Lawsuit Challenges Status of BRCA Genes

May 21, 2009

The American Civil Liberties Union, in conjunction with several other plaintiffs, has filed a lawsuit alleging that the owners of the BRCA gene patents "stifle research that could lead to cures and limit women's options regarding their medical care."

The American Civil Liberties Union (ACLU), in conjunction with several other plaintiffs, has filed a lawsuit alleging that the owners of the BRCA gene patents "stifle research that could lead to cures and limit women's options regarding their medical care.”

The lawsuit, filed against Myriad Genetics, alleges that the company “maintains a monopoly” over the ability to perform genetic tests that determine the presence or absence of mutations on the BRCA1 or BRCA2 genes. The ACLU claims that this monopoly inhibits diagnosis, prevents research, and limits the amount of information known about the BRCA genes in “ethnic groups other than Caucasians.” In addition, the lawsuit alleges that there are “negative consequences” to the ownership that include the inability of women to pay for Myriad’s BRCAnalysis test and that women may be unable to get second opinions on their diagnoses.

"Since a landmark US Supreme Court decision in 1980 relating to gene patenting, the USPTO has granted tens of thousands of genetic and genetic related patents which cover a large number of life-saving pharmaceutical and diagnostic products," Myriad said in a statement to GenomeWeb Daily News. "Myriad strongly believes that its patents are valid and enforceable and will be upheld by the courts."

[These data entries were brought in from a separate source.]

(* Let $T,Z$ be random variables on finite sets with joint distribution $P_{TZ}=P_U$ on $\mathcal U=\mathcal T\times\mathcal Z$, let $W(y|x)$ be a channel from a finite set $\mathcal X$ to a finite set $\mathcal Y$, and $Q$ a distribution on $\mathcal X$. Let \[ E=\min_{\hat P_U}\min_{\hat P_{XY}} D(\hat P_U\|P_U)+D(\hat P_{XY}\|QW)+\Big[\min_{\tilde P_U\in\mathcal K_s(\hat P_U)}\min_{\tilde P_{XY}\in\mathcal K_c(\hat P_{XY})} D(\tilde P_{XY}\|Q\hat P_Y)-H(\tilde P_{T|Z})\Big]^+, \] where $\mathcal K_s(\hat P_U)=\{\tilde P_U:\tilde P_Z=\hat P_Z,\ \mathbb E_{\tilde P}\log P_U(U)\ge \mathbb E_{\hat P}\log P_U(U)\}$ and $\mathcal K_c(\hat P_{XY})=\{\tilde P_{XY}:\tilde P_Y=\hat P_Y,\ \mathbb E_{\tilde P}\log W(Y|X)\ge\mathbb E_{\hat P}\log W(Y|X)\}$. Then \[ E\ge \min_{\hat P_U}\min_{\hat P_{XY}} D(\hat P_U\|P_U)+D(\hat P_{XY}\|QW)+\Big[D(\hat P_{XY}\|Q\hat P_Y)-H(\hat P_{T|Z})\Big]^+. \]
   Context: Minimizations over $\hat P_U$, $\tilde P_U$ range over distributions on $\mathcal U$ and over $\hat P_{XY},\tilde P_{XY}$ over distributions on $\mathcal X\times\mathcal Y$. $[x]^+=\max\{0,x\}$; $QW$ denotes $Q(x)W(y|x)$; $Q\hat P_Y$ denotes $Q(x)\hat P_Y(y)$ with $\hat P_Y$ the $Y$-marginal of $\hat P_{XY}$; $\hat P_Z$ is the $Z$-marginal; $H(\tilde P_{T|Z})$ is the conditional entropy of $T$ given $Z$ under $\tilde P_U$. *)

From HB Require Import structures.
From mathcomp Require Import all_boot all_order all_algebra.
From mathcomp Require Import all_classical all_reals.
From mathcomp Require Import ereal exp.
Set Implicit Arguments. Unset Strict Implicit. Unset Printing Implicit Defensive.
Import Order.TTheory GRing.Theory Num.Theory.
Local Open Scope classical_set_scope.
Local Open Scope ring_scope.

Section Defs.
Variable R : realType.

Definition isdist (A : finType) (p : A -> R) : Prop :=
  (forall a, 0 <= p a) /\ \sum_(a : A) p a = 1.

Definition elog (x : R) : \bar R := if 0 < x then (ln x)%:E else -oo%E.

(* relative entropy D(p||q) (natural log), convention 0 log 0 = 0, +oo if
   p is not absolutely continuous w.r.t. q *)
Definition relD (A : finType) (p q : A -> R) : \bar R :=
  (\sum_(a : A | (0 < p a)%R) (p a)%:E * ((ln (p a))%:E - elog (q a)))%E.

Definition Elog (A : finType) (p f : A -> R) : \bar R :=
  (\sum_(a : A | (0 < p a)%R) (p a)%:E * elog (f a))%E.

Definition margZ (T Z : finType) (p : T * Z -> R) (z : Z) : R :=
  \sum_(t : T) p (t, z).
Definition margY (X Y : finType) (p : X * Y -> R) (y : Y) : R :=
  \sum_(x : X) p (x, y).

Definition QW (X Y : finType) (Q : X -> R) (W : X -> Y -> R) (u : X * Y) : R :=
  Q u.1 * W u.1 u.2.
Definition QPY (X Y : finType) (Q : X -> R) (p : X * Y -> R) (u : X * Y) : R :=
  Q u.1 * margY p u.2.

Definition condH (T Z : finType) (p : T * Z -> R) : R :=
  - \sum_(u : T * Z | 0 < p u) p u * ln (p u / margZ p u.2).

Definition Ks (T Z : finType) (PU pU : T * Z -> R) : set (T * Z -> R) :=
  [set q | isdist q /\ (forall z, margZ q z = margZ pU z)
           /\ (Elog pU PU <= Elog q PU)%E].
Definition Kc (X Y : finType) (W : X -> Y -> R) (pXY : X * Y -> R)
  : set (X * Y -> R) :=
  [set q | isdist q /\ (forall y, margY q y = margY pXY y)
           /\ (Elog pXY (fun u => W u.1 u.2) <= Elog q (fun u => W u.1 u.2))%E].

Definition posp (x : \bar R) : \bar R := Order.max x 0%E.

Definition E_exp (T Z X Y : finType) (PU : T * Z -> R) (Q : X -> R)
  (W : X -> Y -> R) : \bar R :=
  ereal_inf [set e | exists pU pXY, isdist pU /\ isdist pXY /\
    e = (relD pU PU + relD pXY (QW Q W) +
         posp (ereal_inf [set f | exists qU qXY,
                  Ks PU pU qU /\ Kc W pXY qXY /\
                  f = (relD qXY (QPY Q pXY) - (condH qU)%:E)%E]))%E].

Definition E_rhs (T Z X Y : finType) (PU : T * Z -> R) (Q : X -> R)
  (W : X -> Y -> R) : \bar R :=
  ereal_inf [set e | exists pU pXY, isdist pU /\ isdist pXY /\
    e = (relD pU PU + relD pXY (QW Q W) +
         posp (relD pXY (QPY Q pXY) - (condH pU)%:E))%E].
End Defs.

From mathcomp Require Import all_boot all_order all_algebra.
From mathcomp Require Import all_classical all_reals.
From mathcomp Require Import ereal exp.
From mathcomp Require Import ring lra.
Import Order.TTheory GRing.Theory Num.Theory.
Local Open Scope ring_scope.
Set Implicit Arguments. Unset Strict Implicit.

(** For a pair p = (p_U, p_XY) write phi(p) = D(p_U||P_U) + D(p_XY||QW) and
    psi(p) = D(p_XY||Q p_Y) - H(p_{T|Z}), so that the right-hand side is the
    infimum of phi + [psi]^+.  The chain rules give
      phi(p) - psi(p) = -H(p_Z) - E_p log P_U - H(p_Y) - E_p log W,
    hence for q = (q_U, q_XY) in K_s(p_U) x K_c(p_XY) (same marginals, larger
    log-likelihoods) phi(q) - psi(q) <= phi(p) - psi(p).  So either
    psi(p) <= psi(q) and p itself is a good candidate, or phi(q) < phi(p) and q
    is one: in both cases the right-hand side is at most phi(p) + [psi(q)]^+,
    and [_]^+ commutes with the infimum over q. *)

Section FiniteEntropy.
Variable R : realType.
Implicit Types A : finType.

Definition abscont A (p q : A -> R) := forall a, 0 < p a -> 0 < q a.

Definition relDr A (p q : A -> R) : R :=
  \sum_(a | 0 < p a) p a * (ln (p a) - ln (q a)).

Definition Elogr A (p f : A -> R) : R := \sum_(a | 0 < p a) p a * ln (f a).

Definition negentropy A (p : A -> R) : R := \sum_a p a * ln (p a).

Lemma relD_term_neqNy A (p q : A -> R) a : 0 < p a ->
  ((p a)%:E * ((ln (p a))%:E - elog (q a)) != -oo)%E.
Proof.
move=> pa; rewrite /elog; case: ifP => _; first by rewrite -EFinB -EFinM.
by rewrite /= addey // gt0_muley // lte_fin.
Qed.

Lemma sum_neqNy A (P : pred A) (F : A -> \bar R) :
  (forall a, P a -> F a != -oo)%E -> (\sum_(a | P a) F a != -oo)%E.
Proof.
move=> FP; apply: (big_ind (fun x => x != -oo)%E) => //.
by move=> [x| |] [y| |].
Qed.

Lemma relD_neqNy A (p q : A -> R) : (relD p q != -oo)%E.
Proof. by apply: sum_neqNy => a; apply: relD_term_neqNy. Qed.

Lemma relD_abscont A (p q : A -> R) : abscont p q -> relD p q = (relDr p q)%:E.
Proof.
move=> pq; rewrite /relD -sumEFin; apply: eq_bigr => a pa.
by rewrite /elog (pq a pa) -EFinB -EFinM.
Qed.

Lemma relD_pinfty A (p q : A -> R) : ~ abscont p q -> relD p q = +oo%E.
Proof.
move=> /existsNP[a /not_implyP[pa /negP/negbTE qa]].
rewrite /relD (bigD1 a) //= /elog qa /= addey // gt0_muley ?lte_fin // addye //.
by apply: sum_neqNy => b /andP[pb _]; apply: relD_term_neqNy.
Qed.

Lemma Elog_abscont A (p f : A -> R) : abscont p f -> Elog p f = (Elogr p f)%:E.
Proof.
move=> pf; rewrite /Elog -sumEFin; apply: eq_bigr => a pa.
by rewrite /elog (pf a pa) -EFinM.
Qed.

Lemma Elog_Ny A (p f : A -> R) : ~ abscont p f -> Elog p f = -oo%E.
Proof.
move=> /existsNP[a /not_implyP[pa /negP/negbTE fa]].
by rewrite /Elog (bigD1 a) //= /elog fa gt0_muleNy ?lte_fin.
Qed.

Lemma abscont_Elog_le A (p q f : A -> R) :
  abscont p f -> (Elog p f <= Elog q f)%E -> abscont q f.
Proof.
move=> pf; have [//|qf] := pselect (abscont q f).
by rewrite Elog_abscont // Elog_Ny // leeNy_eq.
Qed.

Lemma ge0_mulr_gt0 (a b : R) : 0 <= a -> 0 <= b -> 0 < a * b -> 0 < a /\ 0 < b.
Proof.
rewrite !le_eqVlt => /predU1P[<-|a0]; first by rewrite mul0r ltxx.
by move=> _; rewrite pmulr_rgt0.
Qed.

Lemma le_sum_fst (B C : finType) (r : B * C -> R) b c :
  (forall u, 0 <= r u) -> r (b, c) <= \sum_b' r (b', c).
Proof. by move=> r0; rewrite (bigD1 b) //= lerDl sumr_ge0. Qed.

Lemma sum_pos_mul_snd (B C : finType) (r : B * C -> R) (g : C -> R) :
  (forall u, 0 <= r u) ->
  \sum_(u | 0 < r u) r u * g u.2 = \sum_c (\sum_b r (b, c)) * g c.
Proof.
move=> r0; rewrite big_mkcond /=.
rewrite (eq_bigr (fun u => r (u.1, u.2) * g u.2)); last first.
  move=> [b c] _ /=; case: ifP => // /negbT; rewrite lt_def r0 andbT negbK.
  by move=> /eqP->; rewrite mul0r.
rewrite -(pair_bigA _ (fun b c => r (b, c) * g c)) /= exchange_big /=.
by apply: eq_bigr => c _; rewrite big_distrl.
Qed.

Lemma relDr_add_condH (T Z : finType) (p PU : T * Z -> R) :
  (forall u, 0 <= p u) ->
  relDr p PU + condH p = negentropy (margZ p) - Elogr p PU.
Proof.
move=> p0; rewrite /negentropy -(sum_pos_mul_snd (fun z => ln (margZ p z)) p0).
rewrite /relDr /condH /Elogr -!sumrB; apply: eq_bigr => -[t z] pu /=.
have pz : 0 < margZ p z by apply: lt_le_trans pu (le_sum_fst t z p0).
by rewrite ln_div ?posrE //; ring.
Qed.

Lemma relDr_QW_sub_QPY (X Y : finType) (r : X * Y -> R) (Q : X -> R)
    (W : X -> Y -> R) :
  (forall u, 0 <= r u) -> (forall x, 0 <= Q x) -> (forall x y, 0 <= W x y) ->
  abscont r (QW Q W) ->
  relDr r (QW Q W) - relDr r (QPY Q r) =
  negentropy (margY r) - Elogr r (fun u => W u.1 u.2).
Proof.
move=> r0 Q0 W0 rQW.
rewrite /negentropy -(sum_pos_mul_snd (fun y => ln (margY r y)) r0).
rewrite /relDr /Elogr -!sumrB; apply: eq_bigr => -[x y] pu /=.
have [Qx Wxy] := ge0_mulr_gt0 (Q0 x) (W0 x y) (rQW _ pu).
have ry : 0 < margY r y by apply: lt_le_trans pu (le_sum_fst x y r0).
by rewrite /QW /QPY /= !lnM ?posrE //; ring.
Qed.

Lemma abscont_QPY (X Y : finType) (r : X * Y -> R) (Q : X -> R)
    (W : X -> Y -> R) :
  (forall u, 0 <= r u) -> (forall x, 0 <= Q x) -> (forall x y, 0 <= W x y) ->
  abscont r (QW Q W) -> abscont r (QPY Q r).
Proof.
move=> r0 Q0 W0 rQW [x y] pu.
have [Qx _] := ge0_mulr_gt0 (Q0 x) (W0 x y) (rQW _ pu).
by rewrite /QPY mulr_gt0 //; apply: lt_le_trans pu (le_sum_fst x y r0).
Qed.

Lemma abscont_QW (X Y : finType) (r p : X * Y -> R) (Q : X -> R)
    (W : X -> Y -> R) :
  (forall x, 0 <= Q x) -> (forall y, 0 <= margY p y) ->
  abscont r (QPY Q p) -> abscont r (fun u => W u.1 u.2) -> abscont r (QW Q W).
Proof.
move=> Q0 pY0 rQp rW [x y] pu.
have [Qx _] := ge0_mulr_gt0 (Q0 x) (pY0 y) (rQp _ pu).
by rewrite /QW mulr_gt0 // (rW _ pu).
Qed.

End FiniteEntropy.

Section PositivePart.
Variable R : realType.
Local Open Scope ereal_scope.

Lemma adde_neqNy (x y : \bar R) : x != -oo -> y != -oo -> x + y != -oo.
Proof. by case: x => [a| |]; case: y. Qed.

Lemma posp_ge0 (x : \bar R) : 0 <= posp x.
Proof. by rewrite /posp le_max lexx orbT. Qed.

Lemma posp_neqNy (x : \bar R) : posp x != -oo.
Proof. by apply: contraTN (posp_ge0 x) => /eqP->; rewrite leeNy_eq. Qed.

Lemma posp_EFin (r : R) : posp r%:E = (Num.max r 0)%:E.
Proof. by rewrite /posp EFin_max. Qed.

Lemma le_addr_posp_ereal_inf (x c : \bar R) (S : set (\bar R)) : c != -oo ->
  (forall f, S f -> x <= c + posp f) -> x <= c + posp (ereal_inf S).
Proof.
case: c => [r| |] // _ xS; last by rewrite addye ?posp_neqNy // leey.
have [xr|rx] := leP x r%:E; first by rewrite (le_trans xr) // leeDl ?posp_ge0.
rewrite -leeBlDl // (@le_trans _ _ (ereal_inf S)) ?le_max ?lexx //.
apply: le_ereal_inf_tmp => f Sf; move: (xS f Sf); rewrite -leeBlDl // /posp.
by case: (leP f 0) => // f0; rewrite leeBlDl // adde0 leNgt rx.
Qed.

Lemma le_addr_posp_trade (x : \bar R) (phip psip phiq psiq : R) :
  x <= (phip + Num.max psip 0)%:E -> x <= (phiq + Num.max psiq 0)%:E ->
  (phiq - psiq <= phip - psip)%R -> x <= (phip + Num.max psiq 0)%:E.
Proof.
move=> xp xq trade; have [pq|qp] := leP psip psiq.
  by rewrite (le_trans xp) // lee_fin lerD2l ge_max !le_max pq lexx !orbT.
by rewrite (le_trans xq) // lee_fin; lra.
Qed.

End PositivePart.

Section Exponent.
Variables (R : realType) (T Z X Y : finType).
Variables (PU : T * Z -> R) (Q : X -> R) (W : X -> Y -> R).
Hypotheses (Q0 : forall x, 0 <= Q x) (W0 : forall x y, 0 <= W x y).

Lemma phi_sub_psi_le (pU qU : T * Z -> R) (pXY qXY : X * Y -> R) :
  (forall u, 0 <= pU u) -> (forall u, 0 <= qU u) ->
  (forall u, 0 <= pXY u) -> (forall u, 0 <= qXY u) ->
  abscont pXY (QW Q W) -> abscont qXY (QW Q W) ->
  (forall z, margZ qU z = margZ pU z) -> (forall y, margY qXY y = margY pXY y) ->
  Elogr pU PU <= Elogr qU PU ->
  Elogr pXY (fun u => W u.1 u.2) <= Elogr qXY (fun u => W u.1 u.2) ->
  relDr qU PU + relDr qXY (QW Q W) - (relDr qXY (QPY Q qXY) - condH qU) <=
  relDr pU PU + relDr pXY (QW Q W) - (relDr pXY (QPY Q pXY) - condH pU).
Proof.
move=> pU0 qU0 pXY0 qXY0 hp hq mZ mY EU EW.
have := relDr_add_condH PU pU0; have := relDr_add_condH PU qU0.
have := relDr_QW_sub_QPY pXY0 Q0 W0 hp; have := relDr_QW_sub_QPY qXY0 Q0 W0 hq.
have -> : margZ qU = margZ pU by apply: funext.
have -> : margY qXY = margY pXY by apply: funext.
lra.
Qed.

Local Open Scope ereal_scope.

Lemma E_rhs_le_objective (pU : T * Z -> R) (pXY : X * Y -> R) :
  isdist pU -> isdist pXY ->
  E_rhs PU Q W <= relD pU PU + relD pXY (QW Q W) +
                  posp (relD pXY (QPY Q pXY) - (condH pU)%:E).
Proof. by move=> pUd pXYd; apply: ereal_inf_lbound; exists pU, pXY. Qed.

Lemma E_rhs_le_Ks_Kc (pU qU : T * Z -> R) (pXY qXY : X * Y -> R) :
  isdist pU -> isdist pXY -> Ks PU pU qU -> Kc W pXY qXY ->
  E_rhs PU Q W <= relD pU PU + relD pXY (QW Q W) +
                  posp (relD qXY (QPY Q pXY) - (condH qU)%:E).
Proof.
move=> pUd pXYd [qUd [mZ EU]] [qXYd [mY EW]].
move: (pUd) (qUd) (pXYd) (qXYd) => [pU0 _] [qU0 _] [pXY0 _] [qXY0 _].
have eQ : QPY Q qXY = QPY Q pXY by apply: funext => u; rewrite /QPY mY.
have Vp := E_rhs_le_objective pUd pXYd.
have Vq := E_rhs_le_objective qUd qXYd; rewrite -eQ.
have [hU|/relD_pinfty->] := pselect (abscont pU PU); last first.
  by rewrite addye ?relD_neqNy // addye ?posp_neqNy // leey.
have [hXY|/relD_pinfty->] := pselect (abscont pXY (QW Q W)); last first.
  by rewrite addey ?relD_neqNy // addye ?posp_neqNy // leey.
have [hq|/relD_pinfty->] := pselect (abscont qXY (QPY Q qXY)); last first.
  by rewrite /= addye // /posp maxye addey ?adde_neqNy ?relD_neqNy // leey.
have hqU := abscont_Elog_le hU EU.
have hpW : abscont pXY (fun u => W u.1 u.2).
  by move=> [x y] /hXY /(ge0_mulr_gt0 (Q0 x) (W0 x y))[].
have hqW := abscont_Elog_le hpW EW.
have hqQW : abscont qXY (QW Q W).
  by apply: abscont_QW Q0 _ hq hqW => y; apply: sumr_ge0.
have hpQP := abscont_QPY pXY0 Q0 W0 hXY.
rewrite !relD_abscont // in Vp Vq *; rewrite !Elog_abscont // !lee_fin in EU EW.
rewrite -!EFinB !posp_EFin -!EFinD in Vp Vq *.
apply: le_addr_posp_trade Vp Vq _.
exact: phi_sub_psi_le.
Qed.

End Exponent.
Unset Implicit Arguments. Set Strict Implicit.

Theorem lemma4 (R : realType) (T Z X Y : finType)
  (PU : T * Z -> R) (Q : X -> R) (W : X -> Y -> R) :
  isdist PU -> isdist Q -> (forall x, isdist (W x)) ->
  (E_rhs PU Q W <= E_exp PU Q W)%E.
Proof.
move=> _ [Q0 _] Wd.
have W0 x y : 0 <= W x y by case: (Wd x).
apply: le_ereal_inf_tmp => _ [pU [pXY [pUd [pXYd ->]]]].
apply: le_addr_posp_ereal_inf; first by rewrite adde_neqNy ?relD_neqNy.
move=> _ [qU [qXY [KqU [KqXY ->]]]].
exact: E_rhs_le_Ks_Kc.
Qed.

The US Patent and Trademark Office and the University of Utah Research Foundation were also named as defendants in the lawsuit. The Research Foundation exclusively licenses the rights to perform diagnostic tests on the genese to Myriad. The Public Patent Foundation at the Benjamin N. Cardozo School of Law and several other plaintiffs collectively filed the lawsuit.

"Knowledge about our own bodies and the ability to make decisions about our health care are some of our most personal and fundamental rights," Anthony Romero, executive director of the ACLU, said. "The government should not be granting private entities control over something as personal and basic to who we are as our genes. Moreover, granting patents that limit scientific research, learning and the free flow of information violates the First Amendment."